[Collected data]
▼

(* rATL is strictly more expressive than ATL, in the following sense: (i) for every ATL formula $\varphi$ there is an rATL formula $\varphi^\star$ such that for every concurrent game structure $\mathcal{S}$ and every state $s$, $V(s,\varphi^\star)=1111$ iff $\mathcal{S},s\models\varphi$; and (ii) there exist an rATL formula $\psi$ and a truth value $u\in\mathbb{B}_4$ (e.g. $\psi=\langle\!\langle A\rangle\!\rangle\dot\Box p$ and $u=0011$) such that there is no ATL formula $\chi$ with $\mathcal{S},s\models\chi\iff V(s,\psi)\succeq u$ for all concurrent game structures $\mathcal{S}$ and states $s$.
   Context: Fix a finite set $\mathrm{AP}$ of atomic propositions. A concurrent game structure (CGS) is a tuple $\mathcal{S}=(St,Ag,Ac,\delta,\ell)$ where $St$ is a finite set of states, $Ag$ a finite set of agents, $Ac$ a finite set of actions, $\ell:St\to 2^{\mathrm{AP}}$ a labeling, and $\delta:St\times AV\to St$ a transition function, where $AV$ is the set of action vectors for $Ag$ (an action vector for $A\subseteq Ag$ is a map $A\to Ac$). A state $s'$ is a successor of $s$ if $s'=\delta(s,v)$ for some $v\in AV$. A path is an infinite sequence $\pi=s_0s_1s_2\cdots$ of states with $s_{n+1}$ a successor of $s_n$ for all $n$; write $\pi[n]=s_n$. A strategy for an agent is a function $f:St^+\to Ac$. For $A\subseteq Ag$ and a set $F_A=\{f_a\mid a\in A\}$ of strategies, one for each agent in $A$, $out(s,F_A)$ is the set of paths $s_0s_1\cdots$ with $s_0=s$ such that for every $n\ge 0$ there is $v\in AV$ with $v(a)=f_a(s_0\cdots s_n)$ for all $a\in A$ and $s_{n+1}=\delta(s_n,v)$. $\mathbb{B}_4=\{1111,0111,0011,0001,0000\}$ is totally ordered by $1111\succ0111\succ0011\succ0001\succ0000$; for $b=b_1b_2b_3b_4\in\mathbb{B}_4$ and $k\in\{1,2,3,4\}$, $b[k]=b_k$; max and min on $\mathbb{B}_4$ refer to this order, and on bits to $0<1$. rATL formulas: state formulas $\varphi ::= p \mid \neg\varphi\mid\varphi\vee\varphi\mid\varphi\wedge\varphi\mid\varphi\to\varphi\mid\langle\!\langle A\rangle\!\rangle\Phi\mid[\![A]\!]\Phi$ and path formulas $\Phi::=\dot{\bigcirc}\varphi\mid\dot\Diamond\varphi\mid\dot\Box\varphi$, with $p\in\mathrm{AP}$ and $A$ a set of agents; an rATL formula is a state formula. On a CGS the valuation $V$ maps (state, state formula) and (path, path formula) pairs to $\mathbb{B}_4$: $V(s,p)=1111$ if $p\in\ell(s)$ and $0000$ otherwise; $V(s,\varphi_1\vee\varphi_2)=\max(V(s,\varphi_1),V(s,\varphi_2))$; $V(s,\varphi_1\wedge\varphi_2)=\min(V(s,\varphi_1),V(s,\varphi_2))$; $V(s,\neg\varphi)=0000$ if $V(s,\varphi)=1111$ and $1111$ otherwise; $V(s,\varphi_1\to\varphi_2)=1111$ if $V(s,\varphi_1)\preceq V(s,\varphi_2)$ and $V(s,\varphi_2)$ otherwise; $V(s,\langle\!\langle A\rangle\!\rangle\Phi)$ is the maximal $b\in\mathbb{B}_4$ such that there is a set $F_A$ of strategies (one per agent in $A$) with $V(\pi,\Phi)\succeq b$ for all $\pi\in out(s,F_A)$; $V(s,[\![A]\!]\Phi)$ is the maximal $b\in\mathbb{B}_4$ such that for every such $F_A$ there is $\pi\in out(s,F_A)$ with $V(\pi,\Phi)\succeq b$. For paths: $V(\pi,\dot\bigcirc\varphi)[k]=V(\pi[1],\varphi)[k]$; $V(\pi,\dot\Diamond\varphi)[k]=\max_{i\ge0}V(\pi[i],\varphi)[k]$; $V(\pi,\dot\Box\varphi)=b_1b_2b_3b_4$ with $b_1=\min_{i\ge0}V(\pi[i],\varphi)[1]$, $b_2=\max_{i\ge0}\min_{j\ge i}V(\pi[j],\varphi)[2]$, $b_3=\min_{i\ge0}\max_{j\ge i}V(\pi[j],\varphi)[3]$, $b_4=\max_{i\ge0}V(\pi[i],\varphi)[4]$. ATL formulas: state formulas $\varphi::=p\mid\neg\varphi\mid\varphi\vee\varphi\mid\varphi\wedge\varphi\mid\varphi\to\varphi\mid\langle\!\langle A\rangle\!\rangle\Phi\mid[\![A]\!]\Phi$ and path formulas $\Phi::=\bigcirc\varphi\mid\Diamond\varphi\mid\Box\varphi$, with the standard Boolean semantics: $\mathcal{S},s\models p$ iff $p\in\ell(s)$; Boolean connectives as usual; $\mathcal{S},s\models\langle\!\langle A\rangle\!\rangle\Phi$ iff there is a set $F_A$ of strategies (one per agent in $A$) with $\mathcal{S},\pi\models\Phi$ for all $\pi\in out(s,F_A)$; $\mathcal{S},s\models[\![A]\!]\Phi$ iff for every such $F_A$ some $\pi\in out(s,F_A)$ satisfies $\mathcal{S},\pi\models\Phi$; $\mathcal{S},\pi\models\bigcirc\varphi$ iff $\mathcal{S},\pi[1]\models\varphi$; $\mathcal{S},\pi\models\Diamond\varphi$ iff $\mathcal{S},\pi[i]\models\varphi$ for some $i\ge0$; $\mathcal{S},\pi\models\Box\varphi$ iff $\mathcal{S},\pi[i]\models\varphi$ for all $i\ge0$. *)

From mathcomp Require Import all_boot.
From mathcomp Require Import boolp.
Set Implicit Arguments. Unset Strict Implicit. Unset Printing Implicit Defensive.

Section Defs.
Variables (AP Ag : finType).

Record cgs := CGS {
  St : finType;
  Ac : finType;
  delta : St -> {ffun Ag -> Ac} -> St;
  lab : St -> {set AP}
}.

(* A set F_A of strategies, one for each agent in A.
   A history s_0 ... s_n (element of St^+) is represented by the list [:: s_0; ...; s_n]. *)
Definition strat_set (S : cgs) (A : {set Ag}) :=
  forall a : Ag, a \in A -> seq (St S) -> Ac S.

Definition prefix (S : cgs) (pi : nat -> St S) (n : nat) : seq (St S) :=
  [seq pi i | i <- iota 0 n.+1].

Definition out (S : cgs) (A : {set Ag}) (s : St S) (F : strat_set S A)
    (pi : nat -> St S) : Prop :=
  pi 0 = s /\
  forall n, exists v : {ffun Ag -> Ac S},
    (forall (a : Ag) (h : a \in A), v a = F a h (prefix pi n)) /\
    pi n.+1 = delta (pi n) v.

(* ---------- Syntax (shared by ATL and rATL) ----------
   A path formula is a temporal operator applied to a state formula; in rATL
   these operators are read as the dotted (robust) ones. *)
Inductive temp := TNext | TEv | TAlw.

Inductive formula :=
| FAtom of AP
| FNeg of formula
| FOr of formula & formula
| FAnd of formula & formula
| FImp of formula & formula
| FEx of {set Ag} & temp & formula
| FAll of {set Ag} & temp & formula.

Definition psat (S : cgs) (k : temp) (P : St S -> Prop) (pi : nat -> St S) : Prop :=
  match k with
  | TNext => P (pi 1)
  | TEv => exists i, P (pi i)
  | TAlw => forall i, P (pi i)
  end.

Fixpoint sat (S : cgs) (s : St S) (f : formula) {struct f} : Prop :=
  match f with
  | FAtom p => p \in lab s
  | FNeg g => ~ sat s g
  | FOr g h => sat s g \/ sat s h
  | FAnd g h => sat s g /\ sat s h
  | FImp g h => sat s g -> sat s h
  | FEx A k g => exists F : strat_set S A,
      forall pi, out s F pi -> psat k (fun t => sat t g) pi
  | FAll A k g => forall F : strat_set S A,
      exists pi, out s F pi /\ psat k (fun t => sat t g) pi
  end.

(* ---------- The truth values B_4 ----------
   B4 := 'I_5, where the element n encodes the 4-bit string with exactly n
   trailing ones:  0 = 0000, 1 = 0001, 2 = 0011, 3 = 0111, 4 = 1111.
   The total order 1111 > 0111 > 0011 > 0001 > 0000 is the order of 'I_5 (on nat). *)
Definition B4 := 'I_5.
Definition b0000 : B4 := @Ordinal 5 0 isT.
Definition b0001 : B4 := @Ordinal 5 1 isT.
Definition b0011 : B4 := @Ordinal 5 2 isT.
Definition b0111 : B4 := @Ordinal 5 3 isT.
Definition b1111 : B4 := @Ordinal 5 4 isT.

Definition leB (b c : B4) : bool := (nat_of_ord b <= nat_of_ord c)%N.
Definition maxB (b c : B4) : B4 := if leB b c then c else b.
Definition minB (b c : B4) : B4 := if leB b c then b else c.

(* b[k] for k in {1,2,3,4} *)
Definition bit (b : B4) (k : nat) : bool := (5 - k <= nat_of_ord b)%N.

(* the element b1 b2 b3 b4 of B4, for a bit string with b1 <= b2 <= b3 <= b4
   (the only case in which it is used: all bit strings built below are of this form) *)
Definition of_bits (b1 b2 b3 b4 : bool) : B4 := inord (b1 + b2 + b3 + b4).

(* maximum element of B4 satisfying P (0000 is the bottom element) *)
Definition maxsat (P : B4 -> Prop) : B4 :=
  inord (\max_(b : B4 | `[< P b >]) nat_of_ord b).

Definition pval (S : cgs) (k : temp) (g : St S -> B4) (pi : nat -> St S) : B4 :=
  match k with
  | TNext => g (pi 1)
  | TEv => of_bits
      `[< exists i, bit (g (pi i)) 1 >] `[< exists i, bit (g (pi i)) 2 >]
      `[< exists i, bit (g (pi i)) 3 >] `[< exists i, bit (g (pi i)) 4 >]
  | TAlw => of_bits
      `[< forall i, bit (g (pi i)) 1 >]
      `[< exists i, forall j, (i <= j)%N -> bit (g (pi j)) 2 >]
      `[< forall i, exists j, (i <= j)%N /\ bit (g (pi j)) 3 >]
      `[< exists i, bit (g (pi i)) 4 >]
  end.

Fixpoint rval (S : cgs) (s : St S) (f : formula) {struct f} : B4 :=
  match f with
  | FAtom p => if p \in lab s then b1111 else b0000
  | FNeg g => if rval s g == b1111 then b0000 else b1111
  | FOr g h => maxB (rval s g) (rval s h)
  | FAnd g h => minB (rval s g) (rval s h)
  | FImp g h => if leB (rval s g) (rval s h) then b1111 else rval s h
  | FEx A k g => maxsat (fun b => exists F : strat_set S A,
      forall pi, out s F pi -> leB b (pval k (fun t => rval t g) pi))
  | FAll A k g => maxsat (fun b => forall F : strat_set S A,
      exists pi, out s F pi /\ leB b (pval k (fun t => rval t g) pi))
  end.

End Defs.

(* (i) Translating an ATL formula into rATL, with implication rewritten as
   "not g or h", gives a formula whose robust value is 1111 exactly where the
   ATL formula holds.  The key facts are that a strategic value is at least a
   nonzero threshold u iff the corresponding strategy property holds at level u
   (values are maxima of downward closed sets), and that a path has robust value
   1111 iff its states have value 1111 in the Boolean temporal sense.

   (ii) psi = << {} >> (robust box) p has value at least 0111 at s iff p holds
   eventually forever on every path from s.  For a structure in which one agent
   a0 decides all moves, strategic quantifiers reduce to path quantifiers over
   the move graph.  On such a structure with states 0..2M (p at even states),
   from M every path settles at an even state, while from 2M a cycle through odd
   states exists.  By induction on formulas, ATL formulas of depth at most k do
   not distinguish states that are both at least k and of equal parity; taking
   M even and larger than the depth of a candidate ATL formula chi, chi cannot
   separate M from 2M although psi does. *)
From Pilot Require Import Defs.
From mathcomp Require Import all_boot boolp zify.
Set Implicit Arguments. Unset Strict Implicit. Unset Printing Implicit Defensive.

Lemma B4_le4 (b : B4) : (b <= 4)%N.
Proof. by case: b => /= m; rewrite ltnS. Qed.

Lemma eq_b1111 (b : B4) : b = b1111 <-> leB b1111 b.
Proof.
split=> [-> //|le4b]; apply: val_inj => /=.
by apply/eqP; rewrite eqn_leq B4_le4.
Qed.

Lemma of_bitsE (b1 b2 b3 b4 : bool) :
  nat_of_ord (of_bits b1 b2 b3 b4) = (b1 + b2 + b3 + b4)%N.
Proof. by rewrite /of_bits inordK //; case: b1; case: b2; case: b3; case: b4. Qed.

Lemma leB_trans (a b c : B4) : leB a b -> leB b c -> leB a c.
Proof. exact: leq_trans. Qed.

Lemma maxsat_ge (P : B4 -> Prop) (u : B4) :
  (0 < u)%N -> (forall b c : B4, leB b c -> P c -> P b) ->
  leB u (maxsat P) <-> P u.
Proof.
move=> u_gt0 P_down; rewrite /leB /maxsat inordK; last first.
  by rewrite ltnS; apply/bigmax_leqP => b _; apply: B4_le4.
split=> [ge_u|Pu]; last first.
  by apply: (@leq_bigmax_cond _ _ (fun b : B4 => nat_of_ord b) u); apply/asboolP.
have [[b [Pb le_ub]]|noP] := pselect (exists b : B4, P b /\ (u <= b)%N).
  exact: (P_down u b).
suff : (\max_(b : B4 | `[< P b >]) nat_of_ord b <= u.-1)%N by lia.
apply/bigmax_leqP => b /asboolP Pb; rewrite -ltnS prednK // ltnNge.
by apply/negP => le_ub; apply: noP; exists b.
Qed.

Section Valuation.
Variables (AP Ag : finType) (S : cgs AP Ag).

Lemma rval_FEx_ge (s : St S) A k g (u : B4) : (0 < u)%N ->
  leB u (rval s (FEx A k g)) <->
  exists F : strat_set S A, forall pi, out s F pi -> leB u (pval k (fun t => rval t g) pi).
Proof.
move=> u_gt0; apply: maxsat_ge => // b c le_bc [F HF].
by exists F => pi /HF; apply: leB_trans.
Qed.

▲

Work task: Would you copy out exactly the lines above that start at the one containing "minB (rval s g) (rval s h)" and end at the one containing "the move graph.", inclusive?

Answer space:
  | FAnd g h => minB (rval s g) (rval s h)
  | FImp g h => if leB (rval s g) (rval s h) then b1111 else rval s h
  | FEx A k g => maxsat (fun b => exists F : strat_set S A,
      forall pi, out s F pi -> leB b (pval k (fun t => rval t g) pi))
  | FAll A k g => maxsat (fun b => forall F : strat_set S A,
      exists pi, out s F pi /\ leB b (pval k (fun t => rval t g) pi))
  end.

End Defs.

(* (i) Translating an ATL formula into rATL, with implication rewritten as
   "not g or h", gives a formula whose robust value is 1111 exactly where the
   ATL formula holds.  The key facts are that a strategic value is at least a
   nonzero threshold u iff the corresponding strategy property holds at level u
   (values are maxima of downward closed sets), and that a path has robust value
   1111 iff its states have value 1111 in the Boolean temporal sense.

   (ii) psi = << {} >> (robust box) p has value at least 0111 at s iff p holds
   eventually forever on every path from s.  For a structure in which one agent
   a0 decides all moves, strategic quantifiers reduce to path quantifiers over
   the move graph.  On such a structure with states 0..2M (p at even states),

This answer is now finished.